# `range` of `DateTime`s

I want to create a uniformly-spaced range of `DateTime` values with e.g. 100 points between two given values. `range` function doesn’t work for me: `range(DateTime(2000, 1, 1, 0, 0), DateTime(2000, 1, 2, 0, 0), length=100)` gives `MethodError: no method matching *(::Float64, ::DateTime)`, and I cannot find an easy way to do this. Note that `range` with `step` instead of `length` does work, e.g.: `range(DateTime(2000, 1, 1, 0, 0), DateTime(2000, 1, 2, 0, 0), step=Minute(1))`.
Am I missing some obvious solution here?

There was a similar question two years ago here - Linspace with DateTime - but there is no answer, and lots of stuff have changed in Julia since then.

4 Likes

The solution is in that same post:

``````function mylinspace(d1::DateTime, d2::DateTime, n::Int)
Δ = d2 - d1
T = typeof(Δ)
δ = T(round(Int, Dates.value(Δ)/(n - 1)))
d2 = d1 + δ*(n - 1)
return d1:δ:d2
end
``````
1 Like

I found this one, because I love comprehensions:

``````[ DateTime(Dates.UTInstant{Millisecond}(Millisecond(Int64(floor(x))))) for x in range(Dates.value(d1),Dates.value(d2),length=100)]
``````

But its not a range, just an array.

A major difference between this implementation and builtin `range(a, b, length)` (e.g. for numbers) is that the last element of `mylinspace` isn’t equal to `d2` argument. Even more, the last element can be larger that `d2`! And these are just the obvious things I noticed.

Anyway, it’s strange that `range` is not supported for `DateTimes`. This cannot be intentional, right?
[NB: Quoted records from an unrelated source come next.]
(* Let $r>0$, $L\ge2$ with $rL\in\mathbb{N}$, and let $\eta^L\sim\nu_L$, the stationary distribution of the RBB process with $L$ bins and $N=rL$ balls. Writing $w_k(\eta):=\mathbf{1}(\eta_k>0)$, $$\mathrm{Cov}\big(w_1(\eta^L),w_2(\eta^L)\big)=-\mathbb{E}\big(w_1(\eta^L)\big)^2+2\,\mathbb{E}\big(w_1(\eta^L)\big)\frac{(r+1)L-1}{L-1}-2r\frac{L}{L-1}.$$
   Context: RBB process with $L$ bins: Markov chain on $\mathbb{Z}_+^L$; with $w(\eta):=(\mathbf{1}(\eta_1>0),\dots,\mathbf{1}(\eta_L>0))$ and $K(\eta):=\sum_j\mathbf{1}(\eta_j>0)$, from state $\eta$ the next state is $\eta-w(\eta)+B(\eta)$ where $B(\eta)$ is multinomial with $K(\eta)$ trials and cell probabilities $(1/L,\dots,1/L)$. It conserves the total number of balls, and restricted to configurations with $N$ balls it is an ergodic finite Markov chain with a unique stationary distribution $\nu_L$, which is exchangeable. *)

From HB Require Import structures.
From mathcomp Require Import all_boot all_order all_algebra.
Set Implicit Arguments. Unset Strict Implicit. Unset Printing Implicit Defensive.
Import Order.TTheory GRing.Theory Num.Theory.
Local Open Scope ring_scope.

(* Configurations of the RBB process with L bins and (at most) N balls per bin.
   eta i is the number of balls in bin i (bins indexed 0..L-1).  The stationary
   distribution is supported on configurations with exactly N balls in total,
   where every bin automatically holds at most N balls, so no truncation occurs. *)
Definition config (L N : nat) := {ffun 'I_L -> 'I_N.+1}.

Definition occ (L N : nat) (eta : config L N) (i : 'I_L) : nat := (0 < eta i)%N.

Definition Kocc (L N : nat) (eta : config L N) : nat := (\sum_i occ eta i)%N.

Definition ballsum (L N : nat) (eta : config L N) : nat := (\sum_i (eta i : nat))%N.

(* One-step transition probability: eta' = eta - w(eta) + B with
   B ~ Multinomial(K(eta); 1/L,...,1/L). *)
Definition rbb_P (R : realFieldType) (L N : nat) (eta eta' : config L N) : R :=
  let b i := ((eta' i : nat) + occ eta i - eta i)%N in
  if [forall i, (eta i : nat) <= eta' i + occ eta i]%N
     && ((\sum_i b i)%N == Kocc eta)
  then (Kocc eta)`!%:R / (\prod_i (b i)`!)%:R / (L%:R ^+ Kocc eta)
  else 0.

Definition rbb_stationary (R : realFieldType) (L N : nat) (pi : config L N -> R) :=
  [/\ forall eta, 0 <= pi eta,
      forall eta, ballsum eta != N -> pi eta = 0,
      \sum_eta pi eta = 1 &
      forall eta', pi eta' = \sum_eta pi eta * rbb_P R eta eta'].
(* The net flux starts nonpositive and is eventually above -mu K times a
   vanishing mass; being nonincreasing, it is identically 0. *)
Lemma flux_gap_eq0 n : flux_gap n = 0.
Proof.
have hdep0 : level_dep g 0 = 0 by rewrite /level_dep /= Rmult_0_r Rplus_0_r.
have hle : flux_gap n <= 0.
  have := flux_gap_nonincr (leq0n n); have := level_flux_le 0.
  by rewrite level_out_rate level_in_rate hdep0 /flux_gap; lra.
apply: Rle_antisym => //; apply: Rnot_lt_le => hlt.
have hK : 0 < mu * INR K by apply: Rmult_lt_0_compat => //; apply/lt_0_INR/ltP; exact: leq_trans hdK.
have heps : - flux_gap n / (mu * INR K) > 0 by apply: Rdiv_lt_0_compat; lra.
have [N HN] := g_mass_cv0 heps.
pose m := maxn n N.
have hm := HN m.+1 ltac:(rewrite /m; lia); rewrite /R_dist Rminus_0_r in hm.
have h1 := flux_gap_nonincr (leq_maxl n N); rewrite -/m /flux_gap in h1.
have h2 := level_dep_le m.+1 g_ge0.
have h3 : 0 <= lam * level_mass g m by apply: Rmult_le_pos; [lra | exact: rsum_ge0].
have h4 : mu * INR K * level_mass g m.+1 < - flux_gap n.
  apply: Rle_lt_trans (Rmult_le_compat_l _ _ _ (Rlt_le _ _ hK) (Rle_abs _)) _.
  have -> : - flux_gap n = mu * INR K * (- flux_gap n / (mu * INR K)).
    by rewrite Rmult_div_assoc Rmult_div_r //; lra.
  exact: Rmult_lt_compat_l.
by rewrite /flux_gap in h4; lra.
Qed.

Lemma subsolution_balanced y : g y * out_rate lam mu y = in_rate lam mu g y.
Proof.
pose n := size y.
have hsum : rsum (words n) (fun y => in_rate lam mu g y - g y * out_rate lam mu y) = 0.
  rewrite /Rminus rsum_add rsum_opp level_in_rate level_out_rate.
  case: n => [|n']; last by have := flux_gap_eq0 n'; have := flux_gap_eq0 n'.+1; rewrite /flux_gap; lra.
  by have := flux_gap_eq0 0; rewrite /flux_gap /level_dep /= Rmult_0_r Rplus_0_r; lra.
have hgap z : 0 <= in_rate lam mu g z - g z * out_rate lam mu z by have := g_sub z; lra.
by have := rsum_eq0_ge0 hgap hsum (x := y); rewrite mem_words eqxx => /(_ isT); lra.
Qed.

(* The front customer of c :: y departs into y at rate mu d, so g (c :: y)
   is bounded by the inflow into y, which is g y * out_rate = 0 by induction. *)
Lemma subsolution_eq0 y : g y = 0.
Proof.
elim: y => [|c y IH] //.
have := in_rate_ge_front y c g_ge0; rewrite -subsolution_balanced IH Rmult_0_l.
have hd' : 0 < mu * INR d by apply: Rmult_lt_0_compat => //; apply/lt_0_INR/ltP.
by have := g_ge0 (c :: y); nra.
Qed.

End Subsolution.
Lemma eA_not_sos t u :
  0 < t -> t < 7 -> t <> 1 -> 0 < u -> u < muA t ->
  u <> 3*(t-1)^2*(t+2)/(2*t+1) ->
  ~ in_Sigma_3_10 (fun a b c => eA t u (a^2) (b^2) (c^2)).
Proof.
  intros Ht0 Ht7 Ht1 Hu HuA Hu3 [qs HF].
  assert (HuL : u < 9*(t-1)^2) by (pose proof (Rmin_l (muL t) (muH t)); unfold muA, muL in *; lra).
  assert (HuH : u < (t+2)*(7-t)) by (pose proof (Rmin_r (muL t) (muH t)); unfold muA, muH in *; lra).
  set (r := rA t u).
  assert (Hr : 0 < r) by (apply rA_pos; lra).
  assert (HD := rA_det_neq0 t u Ht0 Ht1 Hu HuL Hu3).
  assert (Hq111 : forall q, In q qs -> quintic q 1 1 1 = 0).
  { intros q Hq.
    destruct (sos_parts_vanish_on_perms _ qs q t HF Hq Ht0
                (eA_vanishes_on_perms t u t Ht0 Hu (or_introl eq_refl)))
      as (Ha & Hb & Hc & Habc).
    destruct (sos_parts_vanish_on_perms _ qs q r HF Hq Hr
                (eA_vanishes_on_perms t u r Ht0 Hu (or_intror eq_refl)))
      as (Ha' & Hb' & Hc' & _).
    rewrite quintic_at_111.
    unfold quintic_a, quintic_b, quintic_c, quintic_abc in *.
    rewrite (quad_form_zero_111 _ _ _ _ _ _ t r HD Ha Ha'),
      (quad_form_zero_111 _ _ _ _ _ _ t r HD Hb Hb'),
      (quad_form_zero_111 _ _ _ _ _ _ t r HD Hc Hc'),
      (lin_form_zero_111 _ _ _ t ltac:(lra) Habc).
    ring. }
  assert (E : eA t u (1^2) (1^2) (1^2) = 0)
    by exact (eq_trans (HF 1 1 1) (proj2 (sum_sq_eq0 _ qs) Hq111)).
  rewrite pow1, eA_111 in E.
  pose proof (pA4_pos t u Ht0 Ht1 Hu HuL); lra.
Qed.

Lemma eB_vanishes_on_perms t u : 0 < t -> 0 < u -> vanishes_on_perms (eB t u) t.
Proof.
  intros Ht Hu.
  unfold vanishes_on_perms, eB, omega, s0, s1, s2, s3, s4, Sn, Tmn, Smn, Uabc,
    pB1, pB2, pB3, pB4.
  repeat split; field; repeat split; nra.
Qed.

Lemma eB_boundary_zeros t u :
  0 < t -> 0 < u ->
  eB t u 1 u 0 = 0 /\ eB t u 1 0 u = 0 /\ eB t u u 1 0 = 0 /\ eB t u u 0 1 = 0.
Proof.
  intros Ht Hu.
  unfold eB, omega, s0, s1, s2, s3, s4, Sn, Tmn, Smn, Uabc, pB1, pB2, pB3, pB4.
  repeat split; field; repeat split; nra.
Qed.

Lemma eB_100 t u : eB t u 1 0 0 = 1.
Proof. unfold eB, s0, s1, s2, s3, s4, Sn, Tmn, Smn, Uabc; ring. Qed.

Lemma muB_pos t : 2 < t -> 0 < muB t.
Proof.
  intros Ht.
  assert (Hs : t <= sqrt ((t-1)*(t+2))).
  { apply Rle_trans with (sqrt (t^2));
      [rewrite sqrt_pow2; lra | apply sqrt_le_1_alt; nra]. }
  assert (HR : 2 <= muR t) by (unfold muR; nra).
  unfold muB; set (m := muR t) in *.
  assert (Hsq := pow2_sqrt (m^2 - 4) ltac:(nra)).
  pose proof (sqrt_pos (m^2 - 4)).
  assert (sqrt (m^2 - 4) < m) by nra.
  lra.
Qed.

Lemma bB1_omega t u : 0 < u -> (2*t+1)*(1-u)^2 - u*t*(t-4) = u * bB1 t (omega u).
Proof. intros; unfold bB1, omega; field; lra. Qed.

Lemma eB_not_sos t u :
  2 < t -> muB t < u -> u < 1 -> bB1 t (omega u) <> 0 ->
  ~ in_Sigma_3_10 (fun a b c => eB t u (a^2) (b^2) (c^2)).
Proof.
  intros Ht HuB Hu1 Hb [qs HF].
  pose proof (muB_pos t Ht).
  assert (Hu : 0 < u) by lra.
  assert (HD : (t - 1) * (1 - u^2) * ((2*t+1)*(1-u)^2 - u*t*(t-4)) <> 0).
  { rewrite bB1_omega by exact Hu.
    repeat apply Rmult_integral_contrapositive_currified; nra. }
  assert (Hq100 : forall q, In q qs -> quintic q 1 0 0 = 0).
  { intros q Hq.
    assert (Ha : forall x y z, 0 < x -> 0 <= y -> 0 <= z -> eB t u x y z = 0 ->
                 quintic_a q x y z = 0)
      by (intros x y z Hx Hy Hz H0;
          apply (sos_zero_parts _ qs q x y z HF Hq); lra).
    destruct (eB_vanishes_on_perms t u ltac:(lra) Hu) as (Z1 & Z2 & Z3).
    destruct (eB_boundary_zeros t u ltac:(lra) Hu) as (Z4 & Z5 & Z6 & Z7).
    rewrite quintic_at_100.
    apply (quad_form_zero_100 _ _ _ _ _ _ t u HD);
      [repeat split | ..]; apply Ha; lra. }
  assert (E : eB t u (1^2) (0^2) (0^2) = 0)
    by exact (eq_trans (HF 1 0 0) (proj2 (sum_sq_eq0 _ qs) Hq100)).
  rewrite pow1, pow_i, eB_100 in E by lia.
  lra.
Qed.

Theorem theorem4p26 :
  (forall t u : R,
     0 < t -> t < 7 -> t <> 1 -> 0 < u -> u < muA t ->
     u <> 3*(t-1)^2*(t+2)/(2*t+1) ->
     ~ in_Sigma_3_10 (fun a b c => eA t u (a^2) (b^2) (c^2)))
  /\
  (forall t u : R,
     2 < t -> muB t < u -> u < 1 -> bB1 t (omega u) <> 0 ->
     ~ in_Sigma_3_10 (fun a b c => eB t u (a^2) (b^2) (c^2))).
Proof. split; [exact eA_not_sos | exact eB_not_sos]. Qed.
Yea, I know. You are right that the last element can be larger, that’s a problem. But as to it being equal to `d2` `range` doesn’t do that either:

``````julia> range(0, 1, step = 0.11)[end]
0.99
``````

`range` with `step` doesn’t, but that’s fine - it’s impossible if `b-a` is not divisible by `step`. But `range` with `length` does have the property that `range(a, b, length)[end] == b` as far as I can see.

Just because the calculated step can be a Float. So range is exact only in the limits of Floats.

DateTime has a similar limitation in the sense that Nanosecond is the smallset step it can encode.

Perhaps it would be good to create an issue for this?

You can use `range` to create a `LinRange{DateTime}`, though it fails on `show`, or `getindex`. Only `first` seems to work, here on julia 1.3 rc2:

``````using Dates
starttime = DateTime(2000, 1, 1, 0, 0)
endtime = DateTime(2000, 1, 2, 0, 0)
r = range(starttime, endtime, length=5);  # no error as long as you suppress show with a ;
typeof(r)  # -> LinRange{DateTime}
first(r)  # -> 2000-01-01T00:00:00
r
``````
``````ERROR: MethodError: no method matching *(::Float64, ::DateTime)
Closest candidates are:
*(::Any, ::Any, ::Any, ::Any...) at operators.jl:529
*(::Float64, ::Float64) at float.jl:405
*(::AbstractFloat, ::Bool) at bool.jl:112
...
Stacktrace:
 unsafe_getindex(::LinRange{DateTime}, ::Int64) at .\range.jl:663
 getindex(::LinRange{DateTime}, ::Int64) at .\range.jl:642
``````
1 Like

I filed the issue: https://github.com/JuliaLang/julia/issues/35446

3 Likes

If you are fine with a uniformly-spaced (as good as possible) vector of DateTime values you can compute the range in unix and convert back to DateTime objects. For example:

function GetTimestampRange(firstTimestamp, lastTimestamp, length)
firstTimestampAsUnix = datetime2unix(firstTimestamp)
lastTimestampAsUnix = datetime2unix(lastTimestamp)
vecOfUnixTimestamps = [range(firstTimestampAsUnix, lastTimestampAsUnix, length = length)…]
return unix2datetime.(vecOfUnixTimestamps)
end

1 Like

If you’re willing to try NanoDates.jl, you can get a range similar to what you wanted originally. However, instead of giving range an integer length, you have to give it a Period.

``````using Dates, NanoDates

nd1 = NanoDate(2000, 1, 1, 0, 0)
nd2 = NanoDate(2000, 1, 2, 0, 0)
step = Nanosecond((nd2 - nd1).value ÷ 100) # The division must return an integer.
r100 = nd1:step:nd2
r15m = nd1:Minute(15):nd2
r4h = nd1:Hour(4):nd2
``````

What’s the benefit here compared to Dates? They also allow ranges with manually specified steps, as I understand.

I should have experimented a little bit more before posting. My newness to Julia is showing, and I didn’t realize DateTime could do nearly the same thing in this case.